Working on the wire routing now along with the adaptor play we’re making for the throttle connection.Make sure you keep any of the harness going to the Throttle Body away from the ignition wires, the distributor, coil, alterator and their associated wiring. These components are terribly noisy electronically speaking and will transmit all manner of crap to the ECM which will act on it, badly I might add.
A buddy of mine did a super sanitary install on a 68 Roadrunner. He hid all the wiring inside the factory harness. Beautiful job. Unless you took the air filter off, you would never know it had EFI except it would barely run.
It was picking up noise from the alternator cable and the ECM was reading it as a 2500 RPM wide tach signal. He moved all the EFI stuff away from the factory components and it runs like a new Hemi now.
Kevin
Most of the wiring, except for the temp sensor and coil connection, come out of the firewall side (back) of the unit. I intend to loom it around the fire wall to the battery and for the hand held monitor (which I will pull through and put in the glove box). Finally, the O2 sensor wiring will go to the left side of the engine to be installed right after the cross connector. That should keep the most sensitive wiring well away from the distributor and ignition wires.

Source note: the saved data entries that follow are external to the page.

Lemma card_nc_vertices_classes : #|V| = (\sum_r #|[set x in V | cls x == r]|)%N.
Proof.
rewrite -sum1_card (partition_big cls xpredT) //.
by apply: eq_bigr => r _; rewrite sum1dep_card.
Qed.

End CommutingClasses.

Lemma char_poly_nc_dist_mx_classes (gT : finGroupType) (G : {group gT}) k
    (cls : gT -> 'I_k.+1) (d e : nat) :
  {in nc_vertices G &, forall x y, (x * y == y * x)%g = (cls x == cls y)} ->
  (forall r, #|[set x in nc_vertices G | cls x == r]| = if r == ord0 then d else e) ->
  let s := 'X + 2%:P in let t := s - e%:R in
  s ^+ k.+1 * t ^+ 2 * char_poly (nc_dist_mx G)
  = s ^+ (d + k * e) * t ^+ k.+1
    * ((t - (d%:R - e%:R)) * (t - (d%:R + e%:R *+ k)) - (d%:R - e%:R) * d%:R).
Proof.
move=> commute_cls card_cls s t.
have cardV : #|nc_vertices G| = (d + k * e)%N.
  rewrite (card_nc_vertices_classes _ cls) big_ord_recl card_cls eqxx.
  by under eq_bigr do rewrite card_cls; rewrite sum_nat_const card_ord.
have := char_poly_add_scalar_mulmx (etrans (nc_dist_mx_add2 commute_cls) (esym (mulmxA _ _ _))).
rewrite -mulmxA tr_class_mx_mul.
have map_J : map_mx polyC (const_mx 1 : 'M[algC]_k.+1) = const_mx 1.
  by apply/matrixP => i j; rewrite !mxE polyC1.
rewrite map_mxM map_mxD map_scalar_mx rmorph1 map_J map_diag_mx -/s => shift_s.
set c := map_mx polyC _ in shift_s.
have c_eq : c = \row_r (if r == ord0 then d%:R else e%:R).
  by apply/matrixP => i r; rewrite !mxE card_class_enum_val card_cls rmorph_nat; case: eqP.
rewrite {}c_eq in shift_s.
have := det_scalar_sub_one_add_const_mul_diag k (d%:R : {poly algC}) e%:R t.
rewrite subrK -/s => det_t.
by rewrite mulrAC shift_s mulrAC -mulrA det_t mulrA cardV.
Qed.

Section InvertingConjugation.
Local Open Scope group_scope.
Variables (gT : finGroupType) (a b : gT).
Hypothesis conj_b_a : b * a * b^-1 = a^-1.

Lemma cycle_commute u v : u \in <[a]> -> v \in <[a]> -> commute u v.
Proof. by case/cycleP=> i ->; case/cycleP=> k ->; apply: commuteX2. Qed.

Lemma mul_b_cycle u : u \in <[a]> -> b * u = u^-1 * b.
Proof.
case/cycleP=> i ->; rewrite -(mulgKV b (b * _)); congr (_ * b).
by rewrite -{1}[b]invgK -mulgA -conjgE conjXg conjgE invgK mulgA conj_b_a expVgn.
Qed.

Lemma expg_b_mul_cycle j u :
  u \in <[a]> -> b ^+ j * u = (if odd j then u^-1 else u) * b ^+ j.
Proof.
move=> uA; elim: j => [|j IHj]; first by rewrite expg0 mulg1 mul1g.
have uA' : (if odd j then u^-1 else u) \in <[a]> by case: ifP; rewrite ?groupV.
by rewrite expgS -mulgA IHj mulgA mul_b_cycle // -mulgA /=; case: (odd j); rewrite ?invgK.
Qed.

Hypothesis odd_a : odd #[a].

Lemma cycle_sqr_inj u v : u \in <[a]> -> v \in <[a]> -> (u ^+ 2 == v ^+ 2) = (u == v).
Proof.
have coA2 : coprime #|<[a]>| 2 by rewrite coprimen2.
move=> uA vA; apply/eqP/eqP => [uv2 | -> //].
by rewrite -(expgK coA2 uA) uv2 (expgK coA2 vA).
Qed.

Lemma cycle_invg_eq u : u \in <[a]> -> (u^-1 == u) = (u == 1).
Proof.
move=> uA; rewrite -(cycle_sqr_inj uA (group1 _)) expg1n -(inj_eq (mulgI u)) mulgV eq_sym.
by rewrite expg2.
Qed.

Lemma cycle_mul_invg_eq u v : u \in <[a]> -> v \in <[a]> ->
  (u * v^-1 == v * u^-1) = (u == v).
Proof.
move=> uA vA; rewrite -(cycle_sqr_inj uA vA) -[LHS](inj_eq (mulIg (u * v))) !expg2.
by rewrite -(mulgA v) mulKg -(mulgA u) (cycle_commute uA vA) mulKg.
Qed.

Lemma commute_cycle_mul_b j l u v : u \in <[a]> -> v \in <[a]> ->
  (u * b ^+ j * (v * b ^+ l) == v * b ^+ l * (u * b ^+ j))
  = if odd j then (if odd l then u == v else v == 1)
    else (if odd l then u == 1 else true).
Proof.
move=> uA vA; have cuv := cycle_commute uA vA.
rewrite -!mulgA !(mulgA (b ^+ _)) !expg_b_mul_cycle // -!mulgA -!expgD !mulgA addnC.
rewrite (inj_eq (mulIg _)); case: (odd j); case: (odd l) => /=.
- exact: cycle_mul_invg_eq.
- by rewrite -cuv (inj_eq (mulgI u)) cycle_invg_eq.
- by rewrite cuv (inj_eq (mulgI v)) eq_sym cycle_invg_eq.
- by rewrite cuv eqxx.
Qed.

End InvertingConjugation.

Section MetacyclicGroup.
Local Open Scope group_scope.
Variables (gT : finGroupType) (G : {group gT}) (a b : gT) (m n : nat).
Hypotheses (odd_m : odd m) (m_gt1 : (1 < m)%N) (n_gt0 : (0 < n)%N).
Hypotheses (defG : (G : {set gT}) = <<[set a; b]>>) (am : a ^+ m = 1).
Hypotheses (b2n : b ^+ (2 * n) = 1) (conj_b_a : b * a * b^-1 = a^-1).
Hypothesis cardG : #|G| = (2 * m * n)%N.

Let m_gt0 : (0 < m)%N. Proof. exact: ltnW. Qed.

Definition meta_elt (p : 'I_m * 'I_n * bool) : gT := a ^+ p.1.1 * b ^+ (p.2 + 2 * p.1.2).

Lemma meta_elt_in p : meta_elt p \in G.
Proof. by rewrite defG groupM ?groupX ?mem_gen // !inE eqxx ?orbT. Qed.

Lemma meta_elt_onto x : x \in G -> exists p, x = meta_elt p.
Proof.
have aJb : a ^ b = a^-1.
  have ba : b * a^-1 = a * b.
    by rewrite (mul_b_cycle conj_b_a (u := a^-1)) ?groupV ?cycle_id // invgK.
  by rewrite conjgE -ba mulKg.
have nAB : <[b]> \subset 'N(<[a]>).
  by rewrite cycle_subG; apply/normP; rewrite -cycleJ aJb cycleV.
have GAB : G \subset <[a]> * <[b]>.
  rewrite -norm_joinEr // defG gen_subG; apply/subsetP => y.
  by rewrite !inE => /orP[] /eqP ->; rewrite mem_gen // inE cycle_id ?orbT.
move/(subsetP GAB)/mulsgP => [_ _ /cycleP[i ->] /cycleP[j ->] ->].
have jn : ((j %% (2 * n))./2 < n)%N by rewrite ltn_half_double -mul2n ltn_pmod ?muln_gt0.
exists (Ordinal (ltn_pmod i m_gt0), Ordinal jn, odd (j %% (2 * n))).
have halvesK r : (odd r + 2 * r./2)%N = r by rewrite mul2n odd_double_half.
by rewrite /meta_elt /= halvesK -(expg_mod i am) -(expg_mod j b2n).
Qed.

Lemma meta_elt_inj : injective meta_elt.
Proof.
have onto : meta_elt @: setT = G.
  apply/eqP; rewrite eqEsubset; apply/andP; split; apply/subsetP => x.
    by case/imsetP=> p _ ->; apply: meta_elt_in.
  by case/meta_elt_onto=> p ->; rewrite imset_f ?inE.
have card_img : #|meta_elt @: setT| == #|[set: 'I_m * 'I_n * bool]|.
  by rewrite onto cardG cardsT !card_prod !card_ord card_bool; apply/eqP; lia.
by move/imset_injP: card_img => inj_on p q; apply: inj_on; rewrite inE.
Qed.

Let odd_a : odd #[a].
Proof. by apply: dvdn_odd odd_m; rewrite order_dvdn am. Qed.

Lemma expg_a_eq (i k : 'I_m) : (a ^+ i == a ^+ k) = (i == k).
Proof.
pose j0 := Ordinal n_gt0; have /(_ (i, j0, false) (k, j0, false)) inj := meta_elt_inj.
apply/eqP/eqP => [aik | -> //]; have /inj[] // : meta_elt (i, j0, false) = meta_elt (k, j0, false).
by rewrite /meta_elt /= aik.
Qed.

Lemma expg_a_eq1 (i : 'I_m) : (a ^+ i == 1) = (i == 0 :> nat).
Proof. by rewrite -(expg0 a) -[0%N]/(val (Ordinal m_gt0)) (expg_a_eq i (Ordinal m_gt0)). Qed.

Lemma meta_elt_commute p q :
  (meta_elt p * meta_elt q == meta_elt q * meta_elt p)
  = if p.2 then (if q.2 then p.1.1 == q.1.1 else q.1.1 == 0 :> nat)
    else (if q.2 then p.1.1 == 0 :> nat else true).
Proof.
rewrite (commute_cycle_mul_b conj_b_a odd_a) ?mem_cycle //.
have odd_exp (e : bool) j : odd (e + 2 * j) = e by rewrite oddD oddM addbF oddb.
by rewrite !odd_exp expg_a_eq !expg_a_eq1.
Qed.

Definition meta_central (p : 'I_m * 'I_n * bool) := (p.1.1 == 0 :> nat) && ~~ p.2.

Definition meta_class_of (p : 'I_m * 'I_n * bool) : 'I_m.+1 :=
  if p.2 then lift ord0 p.1.1 else ord0.
(* Let $P=MN_P$ be a standard parabolic subgroup of $G$, $\pi\in\Pi_{\mathrm{disc}}(M)$, let $Q\subset R$ be standard parabolic subgroups of $G$ and let $w\in{}_QW_P$ with $P_\pi\subset P_w$. Then for every $\gamma^\vee\in\Delta_R^\vee\cap w\mathfrak a_0^P$ we have $\langle w\nu^P_{P_w},\gamma^\vee\rangle<0$.
   Context: $F$ is a number field, $G=\mathrm{GL}_n$ over $F$, $P_0$ the upper triangular Borel, $W\cong\mathfrak S_n$ the Weyl group, $\mathfrak a_0=\mathbb R^n$ with standard inner product, identified with its dual. For standard $S$: $\mathfrak a_S\subset\mathfrak a_0$, $\mathfrak a_0^S$ is the orthogonal complement of $\mathfrak a_S$ (kernel of the projection $\mathfrak a_0\to\mathfrak a_S$), $\Delta_S^\vee$ the set of simple coroots of $S$ (projections to $\mathfrak a_S$ of the coroots of simple roots of $P_0$ not in $M_S$), $\rho_S^{S'}$ for $S\subset S'$ the half-sum of roots of $A_S$ in $M_{S'}\cap N_S$. ${}_QW_P$ is the set of $w\in W$ with $M_P\cap w^{-1}P_0w=M_P\cap P_0$ and $M_Q\cap wP_0w^{-1}=M_Q\cap P_0$; $P_w=(M_P\cap w^{-1}Qw)N_P$. $\Pi_{\mathrm{disc}}(M)$ is the set of discrete automorphic representations of $M(\mathbb A)$ with central character trivial on $A_M^\infty$. Write $M=G_{n_1}\times\dots\times G_{n_k}$, $\pi=\boxtimes_i\pi_i$; by Moeglin–Waldspurger there are integers $r_i,d_i$ with $n_i=r_id_i$ and cuspidal $\sigma_i$ of $\mathrm{GL}_{r_i}$ with $\pi_i$ the residual representation attached to $\sigma_i^{\otimes d_i}$; $P_\pi\subset P$ is the standard parabolic with $P_\pi\cap M=\prod P_{\pi_i}$, $P_{\pi_i}$ standard in $\mathrm{GL}_{n_i}$ with Levi $\mathrm{GL}_{r_i}^{d_i}$. For $P_\pi\subset S\subset P$ with $S\cap M=\prod S_i$, $\nu^P_S=(-\rho^{\mathrm{GL}_{n_i}}_{S_i}/r_i)_i\in\mathfrak a_S^{P,*}$. *)

(* Combinatorial model of GL_n: a_0 = R^n with R any real field. *)
From mathcomp Require Import all_boot all_order all_fingroup all_algebra.
Set Implicit Arguments. Unset Strict Implicit. Unset Printing Implicit Defensive.
Import Order.TTheory GRing.Theory Num.Theory.
Local Open Scope ring_scope.

(* Simple roots of GL_n: j : 'I_n.-1 stands for alpha_j = e_j - e_{j+1}
   (0-based coordinates).  A standard parabolic S is encoded by the set
   B_S of simple roots NOT in its Levi M_S ("break points").  S ⊂ S' iff
   B_S' \subset B_S. *)

Lemma ltn_lo n (j : 'I_n.-1) : (j < n)%N.
Proof. case: n j => [|n] [j hj] //=; exact: (leq_trans hj). Qed.
Lemma ltn_hi n (j : 'I_n.-1) : (j.+1 < n)%N.
Proof. case: n j => [|n] [j hj] //=. Qed.

Definition lo n (j : 'I_n.-1) : 'I_n := Ordinal (ltn_lo j).
Definition hi n (j : 'I_n.-1) : 'I_n := Ordinal (ltn_hi j).

Definition sameblk n (B : {set 'I_n.-1}) (i k : 'I_n) : bool :=
  [forall j : 'I_n.-1, (j \in B) ==> ~~ ((minn i k <= j)%N && (j < maxn i k)%N)].

Definition bsize n (B : {set 'I_n.-1}) (i : 'I_n) : nat :=
  #|[pred k : 'I_n | sameblk B i k]|.
Definition bpos n (B : {set 'I_n.-1}) (i : 'I_n) : nat :=
  #|[pred k : 'I_n | sameblk B i k && (k < i)%N]|.

Section Vec.
Variable R : realFieldType.
Variable n : nat.

Definition vec := 'I_n -> R.

Definition dot (x y : vec) : R := \sum_(i < n) x i * y i.

Definition rootvec (a b : 'I_n) : vec := fun i => (i == a)%:R - (i == b)%:R.

Definition coroot (j : 'I_n.-1) : vec := rootvec (lo j) (hi j).

(* orthogonal projection a_0 -> a_S (average on each block) *)
Definition proj (B : {set 'I_n.-1}) (x : vec) : vec :=
  fun i => (bsize B i)%:R^-1 * \sum_(k < n | sameblk B i k) x k.

(* a_0^S = kernel of the projection a_0 -> a_S *)
Definition in_a0 (B : {set 'I_n.-1}) (x : vec) : Prop := forall i, proj B x i = 0.

(* Weyl group action: w e_a = e_{w a} *)
Definition wact (w : 'S_n) (x : vec) : vec := fun i => x ((w^-1)%g i).

(* rho_S^{S'}: half-sum of the roots of A_S in M_{S'} ∩ N_S, as element of a_S *)
Definition rho (BS BS' : {set 'I_n.-1}) : vec :=
  proj BS (fun i => 2^-1 * \sum_(a < n) \sum_(b < n |
     [&& (a < b)%N, sameblk BS' a b & ~~ sameblk BS a b]) rootvec a b i).

(* nu^P_S = (-rho^{GL_{n_i}}_{S_i} / r_i)_i, where r i is the r_j of the
   P-block containing coordinate i *)
Definition nu (BP : {set 'I_n.-1}) (r : 'I_n -> nat) (BS : {set 'I_n.-1}) : vec :=
  fun i => - rho BS BP i / (r i)%:R.
End Vec.

Definition inWQP n (BQ BP : {set 'I_n.-1}) (w : 'S_n) : Prop :=
  (forall a b : 'I_n, (a < b)%N -> sameblk BP a b -> (w a < w b)%N) /\
  (forall a b : 'I_n, (a < b)%N -> sameblk BQ a b -> ((w^-1)%g a < (w^-1)%g b)%N).

(* P_w = (M_P ∩ w^{-1} Q w) N_P: simple root alpha_j lies in its Levi iff
   alpha_j is in M_P and w alpha_j is a root of M_Q *)
Definition Pw n (BP BQ : {set 'I_n.-1}) (w : 'S_n) : {set 'I_n.-1} :=
  [set j : 'I_n.-1 | (j \in BP) || ~~ sameblk BQ (w (lo j)) (w (hi j))].

(* P_pi: each P-block of size n_i = r_i d_i is cut into d_i blocks of size r_i *)
Definition Ppi n (BP : {set 'I_n.-1}) (r : 'I_n -> nat) : {set 'I_n.-1} :=
  [set j : 'I_n.-1 | (j \in BP) || (r (lo j) %| (bpos BP (lo j)).+1)%N].

(* Write gamma^vee = w z with z in a_0^P; as W acts isometrically,
   <w nu, gamma^vee> = <nu, z>.  The coordinates of gamma^vee are positive
   exactly on the R-block ending at the break j and negative exactly on the
   R-block starting after it, and z sums to zero on every P-block.  Since
   w in _Q W_P and Q ⊂ R, inside a P-block every coordinate where z > 0 comes
   before, and in another P_w-block than, every coordinate where z < 0.  On a
   P-block, -rho^P_{P_w} is the average over P_w-blocks of a half-sum of roots
   that strictly increases across each P_w-break, so nu is smaller where z > 0
   than where z < 0; pairing such a function with a nonzero vector of zero
   block sums gives a negative number. *)

From mathcomp Require Import all_boot all_order all_fingroup all_algebra.
From mathcomp Require Import zify lra.
Import Order.TTheory GRing.Theory Num.Theory.
Set Implicit Arguments.
Unset Strict Implicit.
Unset Printing Implicit Defensive.

Local Open Scope ring_scope.

Section FinSums.
Variables (R : realFieldType) (I : finType).

Definition mean (P : pred I) (f : I -> R) : R :=
  #|[pred i | P i]|%:R^-1 * \sum_(i | P i) f i.

Lemma sum_pred_const (P : pred I) (c : R) : \sum_(i | P i) c = #|[pred i | P i]|%:R * c.
Proof. by rewrite mulr_natl -sumr_const; apply: eq_bigl => i; rewrite inE. Qed.

Lemma card_pred_gt0 (P : pred I) p : P p -> (0 : R) < #|[pred i | P i]|%:R.
Proof. by move=> Pp; rewrite ltr0n; apply/card_gt0P; exists p. Qed.

Lemma mean_lt (P : pred I) f c p : P p -> (forall i, P i -> f i < c) -> mean P f < c.
Proof.
move=> Pp ltfc; rewrite /mean ltr_pdivrMl ?(card_pred_gt0 Pp) // -sum_pred_const.
by apply: ltr_sum => //; apply/hasP; exists p; rewrite ?mem_index_enum.
Qed.

Lemma lt_mean (P : pred I) f c p : P p -> (forall i, P i -> c < f i) -> c < mean P f.
Proof.
move=> Pp ltcf; rewrite /mean ltr_pdivlMl ?(card_pred_gt0 Pp) // -sum_pred_const.
by apply: ltr_sum => //; apply/hasP; exists p; rewrite ?mem_index_enum.
Qed.

Lemma mean_lt_mean (P Q : pred I) f p q : P p -> Q q ->
  (forall a b, P a -> Q b -> f b < f a) -> mean Q f < mean P f.
Proof.
move=> Pp Qq ltQP; apply: (lt_mean Pp) => a Pa.
by apply: (mean_lt Qq) => b Qb; apply: ltQP.
Qed.

Lemma sum_cond_delta (P : pred I) (F : I -> R) k :
  \sum_(i | P i) (k == i)%:R * F i = (P k)%:R * F k.
Proof.
rewrite big_mkcond (bigD1 k) //= eqxx mul1r big1 ?addr0 => [|i /negbTE ik].
  by case: (P k); rewrite ?mul1r ?mul0r.
by rewrite eq_sym ik mul0r if_same.
Qed.

Lemma sum_nat_pred (P : pred I) : \sum_i ((P i)%:R : R) = #|[pred i | P i]|%:R.
Proof.
rewrite -[RHS]mulr1 -sum_pred_const [RHS]big_mkcond.
by apply: eq_bigr => i _; case: (P i).
Qed.
End FinSums.

Section BlockSums.
Variables (R : realFieldType) (I : finType) (e : rel I).
Hypotheses (e_refl : reflexive e) (e_sym : symmetric e) (e_trans : transitive e).

Let block x := [set y | e x y].

Lemma eq_block x y : (block x == block y) = e x y.
Proof.
apply/eqP/idP => [/setP/(_ y) | exy]; first by rewrite !inE e_refl.
by apply/setP => k; rewrite !inE; apply/idP/idP; apply: e_trans; rewrite // e_sym.
Qed.

Lemma sum_mul_blockconst_eq0 (t z : I -> R) :
  (forall x y, e x y -> t x = t y) -> (forall x, \sum_(y | e x y) z y = 0) ->
  \sum_x t x * z x = 0.
Proof.
move=> t_const z_sum0.
rewrite (partition_big block (mem (block @: setT))) => [|x _]; last exact: imset_f.
apply: big1 => _ /imsetP[x _ ->].
rewrite (eq_bigl (e x)) => [|y]; last by rewrite eq_block e_sym.
by rewrite (eq_bigr (fun y => t x * z y)) => [|y /t_const ->]; rewrite // -mulr_sumr z_sum0 mulr0.
Qed.

Lemma sum_mul_lt0 (f z : I -> R) x0 :
  (forall x, \sum_(y | e x y) z y = 0) ->
  (forall x y, e x y -> 0 < z x -> z y < 0 -> f x < f y) ->
  z x0 < 0 -> \sum_x f x * z x < 0.
Proof.
move=> z_sum0 f_sep z_x0.
pose d x := \big[Num.min/0]_(y | e x y) f y - 1.
pose t x := \big[Num.max/d x]_(y | e x y && (0 < z y)) f y.
(* t x separates the values of f where z > 0 from those where z < 0 in the
   block of x; being constant on blocks, it can be subtracted from f for free. *)
have t_const x y : e x y -> t x = t y.
  move=> exy; have exE k : e x k = e y k by apply/idP/idP; apply: e_trans; rewrite // e_sym.
  by rewrite /t /d (eq_bigl _ _ exE); apply: eq_bigl => k; rewrite exE.
have le_t x : 0 < z x -> f x <= t x by move=> zx; apply: le_bigmax_cond; rewrite e_refl.
have t_lt y : z y < 0 -> t y < f y.
  move=> zy; apply: bigmax_lt => [|x /andP[eyx zx]]; last by apply: f_sep; rewrite // e_sym.
  by rewrite /d ltrBlDr ltr_pwDr // bigmin_le_cond.
have term_le0 x : (f x - t x) * z x <= 0.
  case: (ltgtP (z x) 0) => [zx | zx | ->]; last by rewrite mulr0.
    by rewrite nmulr_lle0 // subr_ge0 ltW ?t_lt.
  by rewrite pmulr_lle0 // subr_le0 le_t.
have -> : \sum_x f x * z x = \sum_x (f x - t x) * z x.
  rewrite [RHS](eq_bigr (fun x => f x * z x - t x * z x)) => [|x _]; last exact: mulrBl.
  by rewrite sumrB (sum_mul_blockconst_eq0 t_const z_sum0) subr0.
rewrite (bigD1 x0) //= ltr_wnDr ?sumr_le0 //.
by rewrite nmulr_llt0 // subr_gt0 t_lt.
Qed.
End BlockSums.

Section Blocks.
Variable n : nat.
Implicit Types (B : {set 'I_n.-1}) (a b c d i k : 'I_n).

Lemma sameblk_refl B : reflexive (sameblk B).
Proof. by move=> i; apply/forallP => j; apply/implyP => _; rewrite minnn maxnn; lia. Qed.

Lemma sameblk_sym B : symmetric (sameblk B).
Proof. by move=> i k; rewrite /sameblk minnC maxnC. Qed.

Lemma sameblk_trans B : transitive (sameblk B).
Proof.
move=> k i l /forallP ik /forallP kl; apply/forallP => j; apply/implyP => jB.
by move: (ik j) (kl j); rewrite jB /=; lia.
Qed.

Lemma sameblk_interval B a b c : (a <= b <= c)%N -> sameblk B a c -> sameblk B a b.
Proof.
move=> abc /forallP ac; apply/forallP => j; apply/implyP => jB.
by move: (ac j); rewrite jB /=; lia.
Qed.

Lemma sameblk_sub B1 B2 i k : B1 \subset B2 -> sameblk B2 i k -> sameblk B1 i k.
Proof.
move=> /subsetP sB /forallP ik; apply/forallP => j; apply/implyP => jB.
by move: (ik j); rewrite (sB _ jB).
Qed.

Lemma sameblk_ltn B a b c d : sameblk B a b -> sameblk B c d ->
  (a < c)%N -> ~~ sameblk B a c -> (b < d)%N.
Proof.
move=> /forallP ab /forallP cd ac; rewrite negb_forall => /existsP[j].
by rewrite negb_imply negbK => /andP[jB]; move: (ab j) (cd j); rewrite jB /=; lia.
Qed.

Lemma bsize_gt0 (R : numDomainType) B i : (0 : R) < (bsize B i)%:R.
Proof. by rewrite ltr0n; apply/card_gt0P; exists i; rewrite inE sameblk_refl. Qed.

Lemma sameblk_lo_hiN B (j : 'I_n.-1) : j \in B -> ~~ sameblk B (lo j) (hi j).
Proof. by move=> jB; apply/negP => /forallP/(_ j); rewrite jB /=; lia. Qed.

Lemma sameblk_lo_leq B (j : 'I_n.-1) i : j \in B -> sameblk B i (lo j) -> (i <= j)%N.
Proof. by move=> jB /forallP/(_ j); rewrite jB /=; lia. Qed.

Lemma sameblk_hi_gtn B (j : 'I_n.-1) i : j \in B -> sameblk B i (hi j) -> (j < i)%N.
Proof. by move=> jB /forallP/(_ j); rewrite jB /=; lia. Qed.

Lemma sameblk_ind B (e : rel 'I_n) : reflexive e -> transitive e ->
    (forall j : 'I_n.-1, j \notin B -> e (lo j) (hi j)) ->
  forall a b, (a <= b)%N -> sameblk B a b -> e a b.
Proof.
move=> e_refl e_trans e_step a b; have [m] := ubnP (b - a).
elim: m b => // m IHm b ltbm ab sab.
have [eab | ltab] := eqVneq (nat_of_ord a) b.
  by rewrite (val_inj eab) e_refl.
have ltjn : (b.-1 < n.-1)%N by have := ltn_ord b; lia.
pose j := Ordinal ltjn.
have hi_j : hi j = b by apply: val_inj => /=; lia.
have sa_lo : sameblk B a (lo j) by apply: sameblk_interval sab => /=; lia.
apply: (e_trans (lo j)); first by apply: IHm sa_lo => /=; lia.
rewrite -hi_j; apply: e_step; apply: contraL sab => jB.
by apply/negP => /forallP/(_ j); rewrite jB /=; lia.
Qed.
End Blocks.

Lemma proj_mean (R : realFieldType) n (B : {set 'I_n.-1}) (x : vec R n) i :
  proj B x i = mean (sameblk B i) x.
Proof. by []. Qed.

Lemma sum_rootvec (R : realFieldType) n (c : rel 'I_n) k :
  \sum_a \sum_(b | c a b) rootvec R a b k =
  #|[pred b | c k b]|%:R - #|[pred a | c a k]|%:R.
Proof.
rewrite (eq_bigr (fun a => (k == a)%:R * #|[pred b | c a b]|%:R - (c a k)%:R)) => [|a _].
  by rewrite sumrB (sum_cond_delta predT) mul1r sum_nat_pred.
rewrite /rootvec sumrB sum_pred_const mulrC; congr (_ - _).
by rewrite -[RHS]mulr1 -(sum_cond_delta _ (fun=> 1)); apply: eq_bigr => b _; rewrite mulr1.
Qed.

As for ignition, without the lean burn computer, I’m putting in a Mopar electronic ignition kit as the first step in the setup. Eventually, I would like to have the sniper control the ignition timing. But for now, I just want to get it running. The basic set up allows for connection to the coil for rpm/tach signal. The base program in the unit should work well initially. But if you know me… I will soon be messing around with the timing.